■ To do ■
Search the data below for "andP"; list each line that holds it.
Data for this task below:
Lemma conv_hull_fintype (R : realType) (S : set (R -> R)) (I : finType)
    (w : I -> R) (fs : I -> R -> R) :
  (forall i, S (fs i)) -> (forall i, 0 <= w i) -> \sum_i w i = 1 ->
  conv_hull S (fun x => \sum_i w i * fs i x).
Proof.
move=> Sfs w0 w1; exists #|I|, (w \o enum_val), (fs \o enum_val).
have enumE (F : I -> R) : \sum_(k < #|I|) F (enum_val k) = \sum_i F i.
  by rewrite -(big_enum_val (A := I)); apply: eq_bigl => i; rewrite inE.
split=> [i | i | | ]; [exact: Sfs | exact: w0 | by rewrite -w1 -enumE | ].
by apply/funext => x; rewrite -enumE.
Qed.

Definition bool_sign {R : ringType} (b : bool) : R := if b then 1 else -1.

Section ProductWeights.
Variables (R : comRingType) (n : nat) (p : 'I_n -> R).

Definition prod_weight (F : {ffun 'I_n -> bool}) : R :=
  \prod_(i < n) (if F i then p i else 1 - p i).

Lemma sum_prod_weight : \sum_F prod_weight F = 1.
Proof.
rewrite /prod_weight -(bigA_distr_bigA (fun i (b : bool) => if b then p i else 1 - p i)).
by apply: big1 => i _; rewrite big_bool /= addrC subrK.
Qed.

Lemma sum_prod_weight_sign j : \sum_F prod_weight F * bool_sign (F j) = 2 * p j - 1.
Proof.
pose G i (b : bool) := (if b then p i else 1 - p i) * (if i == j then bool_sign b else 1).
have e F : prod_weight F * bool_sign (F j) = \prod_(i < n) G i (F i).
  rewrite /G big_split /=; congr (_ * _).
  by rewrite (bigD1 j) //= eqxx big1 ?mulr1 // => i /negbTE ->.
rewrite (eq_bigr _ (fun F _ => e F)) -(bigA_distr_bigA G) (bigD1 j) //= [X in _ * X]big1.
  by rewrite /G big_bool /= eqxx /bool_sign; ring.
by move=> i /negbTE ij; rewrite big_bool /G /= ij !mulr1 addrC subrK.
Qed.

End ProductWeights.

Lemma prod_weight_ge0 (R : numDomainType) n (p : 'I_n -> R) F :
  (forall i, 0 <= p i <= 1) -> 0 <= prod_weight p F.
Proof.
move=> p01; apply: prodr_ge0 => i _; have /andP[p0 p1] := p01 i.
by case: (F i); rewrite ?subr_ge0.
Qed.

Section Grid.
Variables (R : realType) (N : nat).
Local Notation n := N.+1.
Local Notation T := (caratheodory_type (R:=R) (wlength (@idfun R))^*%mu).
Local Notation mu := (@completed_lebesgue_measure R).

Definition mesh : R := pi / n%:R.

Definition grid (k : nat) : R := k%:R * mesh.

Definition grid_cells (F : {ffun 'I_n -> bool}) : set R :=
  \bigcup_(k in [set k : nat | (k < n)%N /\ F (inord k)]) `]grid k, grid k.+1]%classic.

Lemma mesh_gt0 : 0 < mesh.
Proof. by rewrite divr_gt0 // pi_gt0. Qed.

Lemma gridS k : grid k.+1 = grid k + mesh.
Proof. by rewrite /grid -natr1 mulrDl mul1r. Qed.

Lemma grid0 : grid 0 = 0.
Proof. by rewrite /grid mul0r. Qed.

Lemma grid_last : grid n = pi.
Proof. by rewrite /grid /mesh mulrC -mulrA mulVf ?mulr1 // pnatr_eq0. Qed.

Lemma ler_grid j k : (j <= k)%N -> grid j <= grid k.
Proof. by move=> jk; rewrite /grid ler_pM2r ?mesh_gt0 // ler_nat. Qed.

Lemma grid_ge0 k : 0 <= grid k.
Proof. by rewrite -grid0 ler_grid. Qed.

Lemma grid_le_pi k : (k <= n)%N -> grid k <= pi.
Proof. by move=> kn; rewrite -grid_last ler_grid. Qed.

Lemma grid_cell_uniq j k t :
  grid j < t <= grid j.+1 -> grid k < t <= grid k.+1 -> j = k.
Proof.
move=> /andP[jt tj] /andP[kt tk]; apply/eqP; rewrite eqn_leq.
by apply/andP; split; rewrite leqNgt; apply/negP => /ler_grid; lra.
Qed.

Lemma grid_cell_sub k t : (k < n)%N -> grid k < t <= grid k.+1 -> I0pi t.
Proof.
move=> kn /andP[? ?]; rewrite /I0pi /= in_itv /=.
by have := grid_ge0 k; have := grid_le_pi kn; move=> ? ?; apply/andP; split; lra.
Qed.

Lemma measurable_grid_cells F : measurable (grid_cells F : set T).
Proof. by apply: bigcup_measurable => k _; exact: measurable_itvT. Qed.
End of Data for this task.
Data for this task below:
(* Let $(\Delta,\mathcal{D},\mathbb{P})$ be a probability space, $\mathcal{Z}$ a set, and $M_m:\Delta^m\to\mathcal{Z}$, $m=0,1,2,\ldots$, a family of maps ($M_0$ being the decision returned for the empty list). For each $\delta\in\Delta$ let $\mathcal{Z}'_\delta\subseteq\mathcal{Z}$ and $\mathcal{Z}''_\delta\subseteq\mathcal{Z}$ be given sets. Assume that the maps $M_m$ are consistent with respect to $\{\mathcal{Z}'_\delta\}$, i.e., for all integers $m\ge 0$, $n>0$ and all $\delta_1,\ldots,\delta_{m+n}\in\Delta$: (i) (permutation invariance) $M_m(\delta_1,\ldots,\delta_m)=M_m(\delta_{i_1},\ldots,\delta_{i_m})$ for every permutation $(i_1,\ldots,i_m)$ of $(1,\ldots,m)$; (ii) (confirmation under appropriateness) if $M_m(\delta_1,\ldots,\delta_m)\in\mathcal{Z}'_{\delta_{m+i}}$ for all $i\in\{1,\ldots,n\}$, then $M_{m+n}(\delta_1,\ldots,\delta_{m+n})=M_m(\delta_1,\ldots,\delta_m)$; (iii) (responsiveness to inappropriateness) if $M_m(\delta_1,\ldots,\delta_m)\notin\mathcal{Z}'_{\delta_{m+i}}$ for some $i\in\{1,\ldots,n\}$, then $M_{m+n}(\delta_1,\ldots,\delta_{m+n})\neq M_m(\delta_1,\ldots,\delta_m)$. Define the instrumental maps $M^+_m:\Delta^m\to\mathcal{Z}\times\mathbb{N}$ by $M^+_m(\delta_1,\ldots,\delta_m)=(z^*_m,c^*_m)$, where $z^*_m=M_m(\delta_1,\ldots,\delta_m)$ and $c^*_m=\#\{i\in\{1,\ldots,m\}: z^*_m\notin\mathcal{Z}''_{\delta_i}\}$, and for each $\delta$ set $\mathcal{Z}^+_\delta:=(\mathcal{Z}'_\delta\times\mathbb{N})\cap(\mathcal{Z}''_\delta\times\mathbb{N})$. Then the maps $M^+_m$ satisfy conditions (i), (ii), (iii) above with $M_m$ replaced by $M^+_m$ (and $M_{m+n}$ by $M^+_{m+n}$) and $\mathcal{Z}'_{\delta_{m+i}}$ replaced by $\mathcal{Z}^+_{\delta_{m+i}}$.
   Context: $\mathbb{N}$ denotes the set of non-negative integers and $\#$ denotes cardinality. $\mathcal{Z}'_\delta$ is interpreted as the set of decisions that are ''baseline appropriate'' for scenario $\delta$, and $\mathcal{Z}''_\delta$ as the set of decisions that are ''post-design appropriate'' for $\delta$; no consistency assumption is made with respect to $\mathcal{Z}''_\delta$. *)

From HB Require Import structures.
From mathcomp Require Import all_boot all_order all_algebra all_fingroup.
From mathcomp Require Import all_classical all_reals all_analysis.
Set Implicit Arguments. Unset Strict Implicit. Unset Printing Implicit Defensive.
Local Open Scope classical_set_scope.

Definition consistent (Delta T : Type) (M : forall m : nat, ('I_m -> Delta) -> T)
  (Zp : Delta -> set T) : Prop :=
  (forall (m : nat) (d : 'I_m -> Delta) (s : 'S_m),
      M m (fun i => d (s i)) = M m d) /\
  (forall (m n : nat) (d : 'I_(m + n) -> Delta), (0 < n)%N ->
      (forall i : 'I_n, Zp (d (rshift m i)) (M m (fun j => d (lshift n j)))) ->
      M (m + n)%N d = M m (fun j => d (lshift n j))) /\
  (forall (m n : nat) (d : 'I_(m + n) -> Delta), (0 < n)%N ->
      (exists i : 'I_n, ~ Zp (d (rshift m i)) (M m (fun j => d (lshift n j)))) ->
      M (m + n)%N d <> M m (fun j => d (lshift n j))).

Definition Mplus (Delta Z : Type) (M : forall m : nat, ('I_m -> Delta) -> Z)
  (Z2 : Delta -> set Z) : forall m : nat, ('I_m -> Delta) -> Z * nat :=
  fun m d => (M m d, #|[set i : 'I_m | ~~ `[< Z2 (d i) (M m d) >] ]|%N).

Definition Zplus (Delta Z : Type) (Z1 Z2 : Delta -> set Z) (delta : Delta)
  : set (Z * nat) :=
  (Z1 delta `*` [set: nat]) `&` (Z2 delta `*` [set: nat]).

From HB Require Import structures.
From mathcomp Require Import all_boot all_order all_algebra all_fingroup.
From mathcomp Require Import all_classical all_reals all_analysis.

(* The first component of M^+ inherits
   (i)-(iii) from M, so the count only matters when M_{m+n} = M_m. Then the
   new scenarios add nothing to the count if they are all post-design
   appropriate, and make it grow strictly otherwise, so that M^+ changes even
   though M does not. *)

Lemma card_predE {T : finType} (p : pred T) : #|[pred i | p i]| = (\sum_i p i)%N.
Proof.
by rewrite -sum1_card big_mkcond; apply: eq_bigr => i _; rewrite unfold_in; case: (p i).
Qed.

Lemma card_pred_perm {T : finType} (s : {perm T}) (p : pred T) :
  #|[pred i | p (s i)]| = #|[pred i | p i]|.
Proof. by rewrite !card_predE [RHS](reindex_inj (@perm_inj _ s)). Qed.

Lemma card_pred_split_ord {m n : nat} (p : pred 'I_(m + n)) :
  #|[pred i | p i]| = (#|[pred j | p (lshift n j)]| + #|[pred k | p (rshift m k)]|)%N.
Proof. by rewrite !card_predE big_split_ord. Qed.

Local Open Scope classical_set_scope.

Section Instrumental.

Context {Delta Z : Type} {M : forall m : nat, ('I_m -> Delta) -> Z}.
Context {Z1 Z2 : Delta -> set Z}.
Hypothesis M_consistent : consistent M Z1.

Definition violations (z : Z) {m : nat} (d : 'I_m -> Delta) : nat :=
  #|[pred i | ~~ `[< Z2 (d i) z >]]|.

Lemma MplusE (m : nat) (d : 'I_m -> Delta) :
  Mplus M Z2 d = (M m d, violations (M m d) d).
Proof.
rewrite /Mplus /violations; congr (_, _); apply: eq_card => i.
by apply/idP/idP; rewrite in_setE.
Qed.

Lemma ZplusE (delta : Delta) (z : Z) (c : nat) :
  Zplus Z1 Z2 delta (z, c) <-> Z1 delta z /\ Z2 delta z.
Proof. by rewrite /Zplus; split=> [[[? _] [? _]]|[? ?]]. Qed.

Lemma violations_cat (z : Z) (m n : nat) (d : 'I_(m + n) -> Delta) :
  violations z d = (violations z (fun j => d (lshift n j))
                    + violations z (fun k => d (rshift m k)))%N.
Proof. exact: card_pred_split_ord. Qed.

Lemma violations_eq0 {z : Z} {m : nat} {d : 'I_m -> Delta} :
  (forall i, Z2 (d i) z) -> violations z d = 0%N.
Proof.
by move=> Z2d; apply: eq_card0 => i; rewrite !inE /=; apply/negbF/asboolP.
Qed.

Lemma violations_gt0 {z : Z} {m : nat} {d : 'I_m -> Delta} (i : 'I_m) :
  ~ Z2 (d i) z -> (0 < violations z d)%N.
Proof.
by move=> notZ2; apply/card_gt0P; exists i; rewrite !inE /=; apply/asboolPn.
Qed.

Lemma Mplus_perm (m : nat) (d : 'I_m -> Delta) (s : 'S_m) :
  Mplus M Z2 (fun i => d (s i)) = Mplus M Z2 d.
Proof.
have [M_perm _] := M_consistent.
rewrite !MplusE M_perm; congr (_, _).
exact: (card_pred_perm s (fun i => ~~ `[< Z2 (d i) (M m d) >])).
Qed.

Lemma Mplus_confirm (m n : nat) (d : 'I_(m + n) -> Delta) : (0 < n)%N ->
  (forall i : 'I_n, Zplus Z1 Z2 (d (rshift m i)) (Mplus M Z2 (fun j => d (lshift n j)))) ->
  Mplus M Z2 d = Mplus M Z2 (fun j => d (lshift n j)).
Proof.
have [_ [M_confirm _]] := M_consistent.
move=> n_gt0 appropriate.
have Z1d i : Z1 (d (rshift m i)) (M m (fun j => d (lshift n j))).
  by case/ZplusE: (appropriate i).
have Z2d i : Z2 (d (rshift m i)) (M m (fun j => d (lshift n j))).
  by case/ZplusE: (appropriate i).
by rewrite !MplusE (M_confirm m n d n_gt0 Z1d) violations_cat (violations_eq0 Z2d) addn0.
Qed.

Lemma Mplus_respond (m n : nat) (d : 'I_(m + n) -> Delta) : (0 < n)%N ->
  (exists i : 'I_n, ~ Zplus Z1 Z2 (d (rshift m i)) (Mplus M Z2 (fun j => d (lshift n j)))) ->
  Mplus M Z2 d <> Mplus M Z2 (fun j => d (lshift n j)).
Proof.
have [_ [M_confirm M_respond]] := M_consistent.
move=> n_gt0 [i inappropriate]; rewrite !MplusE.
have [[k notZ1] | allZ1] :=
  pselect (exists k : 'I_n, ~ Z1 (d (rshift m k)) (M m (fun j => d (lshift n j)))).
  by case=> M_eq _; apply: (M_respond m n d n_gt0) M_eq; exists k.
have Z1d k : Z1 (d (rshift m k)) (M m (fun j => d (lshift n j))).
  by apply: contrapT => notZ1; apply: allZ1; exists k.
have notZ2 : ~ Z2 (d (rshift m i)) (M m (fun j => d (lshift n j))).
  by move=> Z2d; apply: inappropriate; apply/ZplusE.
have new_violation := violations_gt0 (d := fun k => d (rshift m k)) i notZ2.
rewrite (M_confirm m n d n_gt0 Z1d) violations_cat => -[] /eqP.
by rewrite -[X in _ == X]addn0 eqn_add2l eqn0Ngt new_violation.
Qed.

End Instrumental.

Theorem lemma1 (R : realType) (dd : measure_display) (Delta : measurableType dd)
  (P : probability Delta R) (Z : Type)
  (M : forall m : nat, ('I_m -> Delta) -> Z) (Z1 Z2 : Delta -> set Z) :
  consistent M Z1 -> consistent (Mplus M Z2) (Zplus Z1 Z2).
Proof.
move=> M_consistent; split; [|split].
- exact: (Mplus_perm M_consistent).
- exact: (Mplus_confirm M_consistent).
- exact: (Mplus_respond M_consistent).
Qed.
End of Data for this task.
■ Exercise response ■
move=> p01; apply: prodr_ge0 => i _; have /andP[p0 p1] := p01 i.
move=> /andP[jt tj] /andP[kt tk]; apply/eqP; rewrite eqn_leq.
by apply/andP; split; rewrite leqNgt; apply/negP => /ler_grid; lra.
move=> kn /andP[? ?]; rewrite /I0pi /= in_itv /=.
by have := grid_ge0 k; have := grid_le_pi kn; move=> ? ?; apply/andP; split; lra.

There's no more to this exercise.